_WHAT YOU WILL DO_
From the data below, retype exactly the lines starting with the one that contains "[forall z, ~~" and ending with the one that contains "Definition parity_graded_on S", both included.

_DATASET EXCERPTS_
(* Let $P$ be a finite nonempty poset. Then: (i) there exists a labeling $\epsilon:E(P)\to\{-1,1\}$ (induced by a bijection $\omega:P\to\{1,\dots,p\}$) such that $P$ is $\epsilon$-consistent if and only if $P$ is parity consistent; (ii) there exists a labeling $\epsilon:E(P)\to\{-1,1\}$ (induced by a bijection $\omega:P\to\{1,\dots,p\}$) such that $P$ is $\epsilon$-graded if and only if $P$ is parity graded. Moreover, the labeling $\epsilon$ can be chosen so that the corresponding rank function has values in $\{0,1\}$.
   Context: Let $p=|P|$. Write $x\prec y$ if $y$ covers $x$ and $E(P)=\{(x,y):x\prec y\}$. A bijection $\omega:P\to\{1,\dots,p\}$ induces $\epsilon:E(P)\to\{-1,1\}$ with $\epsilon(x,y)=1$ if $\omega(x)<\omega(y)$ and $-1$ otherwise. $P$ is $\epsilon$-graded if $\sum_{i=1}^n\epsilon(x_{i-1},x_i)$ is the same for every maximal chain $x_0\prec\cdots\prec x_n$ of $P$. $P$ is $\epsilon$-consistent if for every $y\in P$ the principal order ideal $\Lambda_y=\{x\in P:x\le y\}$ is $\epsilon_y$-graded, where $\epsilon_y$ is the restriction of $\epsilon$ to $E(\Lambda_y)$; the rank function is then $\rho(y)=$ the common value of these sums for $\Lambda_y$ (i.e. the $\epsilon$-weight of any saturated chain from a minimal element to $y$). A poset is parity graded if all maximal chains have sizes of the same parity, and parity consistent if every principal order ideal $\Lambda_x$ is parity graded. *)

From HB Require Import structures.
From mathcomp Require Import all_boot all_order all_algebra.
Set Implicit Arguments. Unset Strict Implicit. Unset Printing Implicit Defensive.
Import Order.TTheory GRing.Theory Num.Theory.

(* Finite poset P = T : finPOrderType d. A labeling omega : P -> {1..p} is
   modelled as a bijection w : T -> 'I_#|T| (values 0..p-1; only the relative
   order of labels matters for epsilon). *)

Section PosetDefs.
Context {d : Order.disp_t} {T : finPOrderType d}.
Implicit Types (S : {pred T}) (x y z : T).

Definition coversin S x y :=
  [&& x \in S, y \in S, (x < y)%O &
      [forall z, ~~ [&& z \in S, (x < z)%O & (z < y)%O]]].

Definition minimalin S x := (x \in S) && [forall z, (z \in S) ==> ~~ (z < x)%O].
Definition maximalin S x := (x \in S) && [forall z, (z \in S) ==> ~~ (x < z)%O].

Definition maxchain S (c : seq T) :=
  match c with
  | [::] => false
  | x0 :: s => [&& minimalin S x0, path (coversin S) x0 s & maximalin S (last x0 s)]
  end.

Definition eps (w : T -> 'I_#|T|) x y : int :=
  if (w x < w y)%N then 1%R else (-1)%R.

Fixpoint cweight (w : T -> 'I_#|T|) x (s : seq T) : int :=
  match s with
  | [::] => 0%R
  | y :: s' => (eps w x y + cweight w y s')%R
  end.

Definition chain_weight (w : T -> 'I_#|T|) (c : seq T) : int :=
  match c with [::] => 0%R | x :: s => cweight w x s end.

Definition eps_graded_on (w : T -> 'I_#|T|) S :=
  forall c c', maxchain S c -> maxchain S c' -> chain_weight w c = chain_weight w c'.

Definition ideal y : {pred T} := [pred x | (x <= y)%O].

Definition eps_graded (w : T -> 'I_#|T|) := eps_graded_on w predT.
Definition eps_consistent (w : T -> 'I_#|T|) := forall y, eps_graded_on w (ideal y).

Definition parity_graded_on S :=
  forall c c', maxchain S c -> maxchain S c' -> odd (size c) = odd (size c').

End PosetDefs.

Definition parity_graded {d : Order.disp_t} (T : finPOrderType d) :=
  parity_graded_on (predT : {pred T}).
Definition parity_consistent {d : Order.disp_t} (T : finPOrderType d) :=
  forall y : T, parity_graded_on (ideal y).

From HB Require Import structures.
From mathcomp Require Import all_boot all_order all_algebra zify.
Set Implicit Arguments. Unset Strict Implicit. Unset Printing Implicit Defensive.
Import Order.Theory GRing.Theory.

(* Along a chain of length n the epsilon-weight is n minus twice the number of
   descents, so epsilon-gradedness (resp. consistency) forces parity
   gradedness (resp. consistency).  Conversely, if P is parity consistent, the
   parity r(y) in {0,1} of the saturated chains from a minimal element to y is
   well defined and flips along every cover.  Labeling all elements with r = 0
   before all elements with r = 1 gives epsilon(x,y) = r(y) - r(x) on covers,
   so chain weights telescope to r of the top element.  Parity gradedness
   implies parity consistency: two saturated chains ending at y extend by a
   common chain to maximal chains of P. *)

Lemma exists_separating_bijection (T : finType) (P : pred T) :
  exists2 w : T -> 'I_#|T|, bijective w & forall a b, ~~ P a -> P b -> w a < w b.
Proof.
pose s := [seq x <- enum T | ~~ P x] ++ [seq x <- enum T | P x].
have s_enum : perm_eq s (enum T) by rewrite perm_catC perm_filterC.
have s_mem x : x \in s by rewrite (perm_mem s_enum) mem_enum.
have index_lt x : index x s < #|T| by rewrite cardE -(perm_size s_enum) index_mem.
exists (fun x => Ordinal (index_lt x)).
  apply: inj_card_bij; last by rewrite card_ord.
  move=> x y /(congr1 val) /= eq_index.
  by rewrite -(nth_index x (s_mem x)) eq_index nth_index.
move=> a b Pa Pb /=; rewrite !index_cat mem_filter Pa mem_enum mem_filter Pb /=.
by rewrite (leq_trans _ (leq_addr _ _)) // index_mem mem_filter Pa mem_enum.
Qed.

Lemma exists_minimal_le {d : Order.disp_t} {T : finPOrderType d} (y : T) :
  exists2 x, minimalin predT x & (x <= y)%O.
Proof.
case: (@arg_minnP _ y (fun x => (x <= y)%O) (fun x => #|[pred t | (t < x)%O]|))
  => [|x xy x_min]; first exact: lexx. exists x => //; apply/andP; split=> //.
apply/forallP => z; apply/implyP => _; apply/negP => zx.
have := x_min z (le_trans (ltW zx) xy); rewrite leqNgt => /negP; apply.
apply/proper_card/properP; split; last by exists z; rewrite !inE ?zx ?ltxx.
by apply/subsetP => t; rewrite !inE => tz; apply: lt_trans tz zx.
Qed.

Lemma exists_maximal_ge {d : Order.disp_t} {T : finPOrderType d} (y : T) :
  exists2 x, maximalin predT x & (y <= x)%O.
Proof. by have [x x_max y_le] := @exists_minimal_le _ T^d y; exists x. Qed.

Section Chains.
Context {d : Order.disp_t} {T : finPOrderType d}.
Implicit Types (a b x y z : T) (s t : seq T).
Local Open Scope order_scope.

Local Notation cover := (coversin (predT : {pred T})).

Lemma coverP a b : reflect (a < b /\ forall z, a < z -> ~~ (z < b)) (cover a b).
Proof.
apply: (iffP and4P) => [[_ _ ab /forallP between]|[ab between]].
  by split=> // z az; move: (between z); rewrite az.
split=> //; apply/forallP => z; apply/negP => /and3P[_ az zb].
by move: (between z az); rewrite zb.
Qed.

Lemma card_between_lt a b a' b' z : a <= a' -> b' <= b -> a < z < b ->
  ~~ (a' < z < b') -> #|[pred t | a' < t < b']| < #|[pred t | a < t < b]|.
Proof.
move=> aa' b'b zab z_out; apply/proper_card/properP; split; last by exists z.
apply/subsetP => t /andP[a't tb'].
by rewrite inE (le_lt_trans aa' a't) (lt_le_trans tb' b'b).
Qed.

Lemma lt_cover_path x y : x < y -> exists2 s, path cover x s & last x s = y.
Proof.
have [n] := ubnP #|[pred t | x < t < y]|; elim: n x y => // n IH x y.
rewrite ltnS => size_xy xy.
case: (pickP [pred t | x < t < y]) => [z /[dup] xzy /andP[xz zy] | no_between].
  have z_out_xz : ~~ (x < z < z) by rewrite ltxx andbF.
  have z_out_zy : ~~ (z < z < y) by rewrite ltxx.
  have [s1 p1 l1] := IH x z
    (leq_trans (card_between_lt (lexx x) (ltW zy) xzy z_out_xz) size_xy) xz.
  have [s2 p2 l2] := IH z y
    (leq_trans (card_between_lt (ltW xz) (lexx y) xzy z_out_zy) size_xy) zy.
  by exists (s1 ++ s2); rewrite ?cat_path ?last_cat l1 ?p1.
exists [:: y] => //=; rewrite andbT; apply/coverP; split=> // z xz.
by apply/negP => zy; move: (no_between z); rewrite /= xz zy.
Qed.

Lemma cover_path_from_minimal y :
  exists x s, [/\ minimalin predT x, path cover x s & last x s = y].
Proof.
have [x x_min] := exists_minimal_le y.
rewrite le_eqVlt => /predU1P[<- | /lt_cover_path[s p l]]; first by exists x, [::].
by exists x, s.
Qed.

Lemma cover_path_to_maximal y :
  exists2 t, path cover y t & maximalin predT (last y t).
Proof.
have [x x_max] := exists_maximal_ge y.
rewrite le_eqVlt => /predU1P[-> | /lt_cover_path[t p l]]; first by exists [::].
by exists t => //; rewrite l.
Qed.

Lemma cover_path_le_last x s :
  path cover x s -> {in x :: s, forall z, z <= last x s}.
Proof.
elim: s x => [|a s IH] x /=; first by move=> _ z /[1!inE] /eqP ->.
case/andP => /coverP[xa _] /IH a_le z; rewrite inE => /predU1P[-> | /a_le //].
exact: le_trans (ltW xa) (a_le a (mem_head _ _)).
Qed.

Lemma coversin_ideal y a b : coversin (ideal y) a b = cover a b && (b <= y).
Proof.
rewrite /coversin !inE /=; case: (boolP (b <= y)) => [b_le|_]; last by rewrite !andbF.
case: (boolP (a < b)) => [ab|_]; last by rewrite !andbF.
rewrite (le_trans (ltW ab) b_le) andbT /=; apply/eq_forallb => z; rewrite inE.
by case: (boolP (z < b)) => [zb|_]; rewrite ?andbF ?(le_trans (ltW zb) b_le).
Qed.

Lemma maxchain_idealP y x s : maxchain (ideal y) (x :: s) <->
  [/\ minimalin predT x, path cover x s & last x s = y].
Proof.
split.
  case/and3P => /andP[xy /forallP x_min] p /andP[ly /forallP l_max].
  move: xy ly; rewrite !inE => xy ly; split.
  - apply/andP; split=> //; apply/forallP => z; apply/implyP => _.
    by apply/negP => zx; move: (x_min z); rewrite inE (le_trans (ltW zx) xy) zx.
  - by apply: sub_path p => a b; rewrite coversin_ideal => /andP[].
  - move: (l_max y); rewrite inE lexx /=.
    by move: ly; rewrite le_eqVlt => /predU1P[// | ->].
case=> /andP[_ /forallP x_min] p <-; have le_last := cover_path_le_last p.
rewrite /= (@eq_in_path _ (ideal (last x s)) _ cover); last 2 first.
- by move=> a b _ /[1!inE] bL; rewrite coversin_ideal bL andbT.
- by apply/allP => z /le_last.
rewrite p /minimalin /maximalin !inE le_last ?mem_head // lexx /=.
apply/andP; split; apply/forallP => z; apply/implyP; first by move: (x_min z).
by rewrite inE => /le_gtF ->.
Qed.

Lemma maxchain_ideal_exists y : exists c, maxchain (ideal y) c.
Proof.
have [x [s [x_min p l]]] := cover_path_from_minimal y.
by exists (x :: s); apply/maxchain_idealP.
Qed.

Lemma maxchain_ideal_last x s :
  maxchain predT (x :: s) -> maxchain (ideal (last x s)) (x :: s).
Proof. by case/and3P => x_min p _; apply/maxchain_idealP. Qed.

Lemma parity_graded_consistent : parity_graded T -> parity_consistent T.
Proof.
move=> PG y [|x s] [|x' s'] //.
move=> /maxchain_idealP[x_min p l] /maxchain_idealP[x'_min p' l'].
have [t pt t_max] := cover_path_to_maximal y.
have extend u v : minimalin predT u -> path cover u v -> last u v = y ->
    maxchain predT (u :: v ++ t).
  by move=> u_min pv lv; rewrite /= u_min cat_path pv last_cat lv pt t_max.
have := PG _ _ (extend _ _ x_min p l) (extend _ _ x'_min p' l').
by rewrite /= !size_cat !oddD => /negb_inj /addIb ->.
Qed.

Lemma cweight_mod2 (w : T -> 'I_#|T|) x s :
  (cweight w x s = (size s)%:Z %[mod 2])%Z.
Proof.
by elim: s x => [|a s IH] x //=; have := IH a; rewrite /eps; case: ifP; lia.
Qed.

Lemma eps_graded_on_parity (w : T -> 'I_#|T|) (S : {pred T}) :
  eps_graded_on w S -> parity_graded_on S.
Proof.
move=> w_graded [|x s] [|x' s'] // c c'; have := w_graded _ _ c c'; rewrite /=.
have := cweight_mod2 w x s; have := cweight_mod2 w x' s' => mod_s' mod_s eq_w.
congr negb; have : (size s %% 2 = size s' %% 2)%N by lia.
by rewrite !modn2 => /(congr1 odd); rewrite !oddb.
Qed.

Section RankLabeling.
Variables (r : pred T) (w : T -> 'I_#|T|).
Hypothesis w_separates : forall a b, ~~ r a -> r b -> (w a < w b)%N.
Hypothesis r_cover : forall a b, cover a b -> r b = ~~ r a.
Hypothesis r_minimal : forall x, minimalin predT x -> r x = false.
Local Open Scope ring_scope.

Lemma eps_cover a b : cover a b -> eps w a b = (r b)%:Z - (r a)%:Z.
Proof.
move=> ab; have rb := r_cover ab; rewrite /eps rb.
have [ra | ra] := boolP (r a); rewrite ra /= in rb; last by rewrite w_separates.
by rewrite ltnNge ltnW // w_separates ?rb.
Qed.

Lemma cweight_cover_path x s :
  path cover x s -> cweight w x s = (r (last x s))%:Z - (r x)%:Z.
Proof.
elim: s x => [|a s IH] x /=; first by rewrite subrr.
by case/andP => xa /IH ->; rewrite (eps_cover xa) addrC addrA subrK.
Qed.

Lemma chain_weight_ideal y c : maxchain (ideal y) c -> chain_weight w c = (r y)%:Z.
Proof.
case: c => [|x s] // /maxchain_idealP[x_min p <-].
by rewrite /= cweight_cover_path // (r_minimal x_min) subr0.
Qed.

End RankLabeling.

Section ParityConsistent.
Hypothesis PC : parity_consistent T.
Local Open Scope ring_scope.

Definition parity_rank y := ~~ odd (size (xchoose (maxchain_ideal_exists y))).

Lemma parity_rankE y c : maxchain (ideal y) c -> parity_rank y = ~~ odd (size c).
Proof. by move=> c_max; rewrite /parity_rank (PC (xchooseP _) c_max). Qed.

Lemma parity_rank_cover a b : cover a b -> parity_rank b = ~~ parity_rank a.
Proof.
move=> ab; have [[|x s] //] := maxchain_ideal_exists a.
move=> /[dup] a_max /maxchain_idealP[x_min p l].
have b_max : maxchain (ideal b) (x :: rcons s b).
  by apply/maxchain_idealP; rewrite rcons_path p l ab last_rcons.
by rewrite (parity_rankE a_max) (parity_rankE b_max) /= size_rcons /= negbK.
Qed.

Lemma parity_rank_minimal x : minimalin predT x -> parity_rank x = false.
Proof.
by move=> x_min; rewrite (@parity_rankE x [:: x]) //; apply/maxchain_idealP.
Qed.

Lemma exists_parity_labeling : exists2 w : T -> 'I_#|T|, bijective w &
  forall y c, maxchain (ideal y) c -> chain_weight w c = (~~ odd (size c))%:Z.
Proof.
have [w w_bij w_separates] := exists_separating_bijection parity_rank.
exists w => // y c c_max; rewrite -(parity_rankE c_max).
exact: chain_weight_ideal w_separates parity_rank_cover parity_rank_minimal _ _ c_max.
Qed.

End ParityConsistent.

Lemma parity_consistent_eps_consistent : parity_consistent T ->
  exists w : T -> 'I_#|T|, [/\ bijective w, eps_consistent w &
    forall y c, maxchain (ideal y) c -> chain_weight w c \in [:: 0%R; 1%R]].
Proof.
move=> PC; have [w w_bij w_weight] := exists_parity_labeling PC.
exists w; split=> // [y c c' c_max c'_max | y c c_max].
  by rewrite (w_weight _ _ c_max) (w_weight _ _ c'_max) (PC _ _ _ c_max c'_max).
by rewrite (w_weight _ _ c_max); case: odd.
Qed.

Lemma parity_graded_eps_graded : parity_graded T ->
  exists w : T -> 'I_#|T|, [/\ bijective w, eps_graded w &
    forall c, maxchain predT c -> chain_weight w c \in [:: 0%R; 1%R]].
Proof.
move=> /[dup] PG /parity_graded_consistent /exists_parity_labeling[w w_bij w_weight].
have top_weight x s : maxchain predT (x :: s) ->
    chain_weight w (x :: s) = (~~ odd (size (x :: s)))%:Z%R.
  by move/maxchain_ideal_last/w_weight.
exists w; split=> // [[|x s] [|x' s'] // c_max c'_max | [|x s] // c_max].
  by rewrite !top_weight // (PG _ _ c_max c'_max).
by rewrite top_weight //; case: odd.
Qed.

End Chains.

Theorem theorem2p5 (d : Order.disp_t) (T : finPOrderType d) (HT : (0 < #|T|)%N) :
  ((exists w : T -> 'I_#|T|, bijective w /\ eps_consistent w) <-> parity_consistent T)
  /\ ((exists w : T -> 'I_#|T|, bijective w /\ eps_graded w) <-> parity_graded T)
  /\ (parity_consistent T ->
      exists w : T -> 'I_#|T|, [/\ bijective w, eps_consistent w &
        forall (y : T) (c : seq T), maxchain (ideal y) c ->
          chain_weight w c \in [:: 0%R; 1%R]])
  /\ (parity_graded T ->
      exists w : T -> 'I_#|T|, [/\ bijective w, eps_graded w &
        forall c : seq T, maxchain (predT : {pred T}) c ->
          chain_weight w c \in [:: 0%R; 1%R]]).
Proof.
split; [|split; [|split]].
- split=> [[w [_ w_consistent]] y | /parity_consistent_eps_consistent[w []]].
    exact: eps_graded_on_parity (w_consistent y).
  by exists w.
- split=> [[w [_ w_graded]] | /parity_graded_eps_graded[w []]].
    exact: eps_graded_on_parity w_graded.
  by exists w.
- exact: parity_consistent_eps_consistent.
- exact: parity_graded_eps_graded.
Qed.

_REPLY TO THE TASK_
      [forall z, ~~ [&& z \in S, (x < z)%O & (z < y)%O]]].

Definition minimalin S x := (x \in S) && [forall z, (z \in S) ==> ~~ (z < x)%O].
Definition maximalin S x := (x \in S) && [forall z, (z \in S) ==> ~~ (x < z)%O].

Definition maxchain S (c : seq T) :=
  match c with
  | [::] => false
  | x0 :: s => [&& minimalin S x0, path (coversin S) x0 s & maximalin S (last x0 s)]
  end.

Definition eps (w : T -> 'I_#|T|) x y : int :=
  if (w x < w y)%N then 1%R else (-1)%R.

Fixpoint cweight (w : T -> 'I_#|T|) x (s : seq T) : int :=
  match s with
  | [::] => 0%R
  | y :: s' => (eps w x y + cweight w y s')%R
  end.

Definition chain_weight (w : T -> 'I_#|T|) (c : seq T) : int :=
  match c with [::] => 0%R | x :: s => cweight w x s end.

Definition eps_graded_on (w : T -> 'I_#|T|) S :=
  forall c c', maxchain S c -> maxchain S c' -> chain_weight w c = chain_weight w c'.

Definition ideal y : {pred T} := [pred x | (x <= y)%O].

Definition eps_graded (w : T -> 'I_#|T|) := eps_graded_on w predT.
Definition eps_consistent (w : T -> 'I_#|T|) := forall y, eps_graded_on w (ideal y).

Definition parity_graded_on S :=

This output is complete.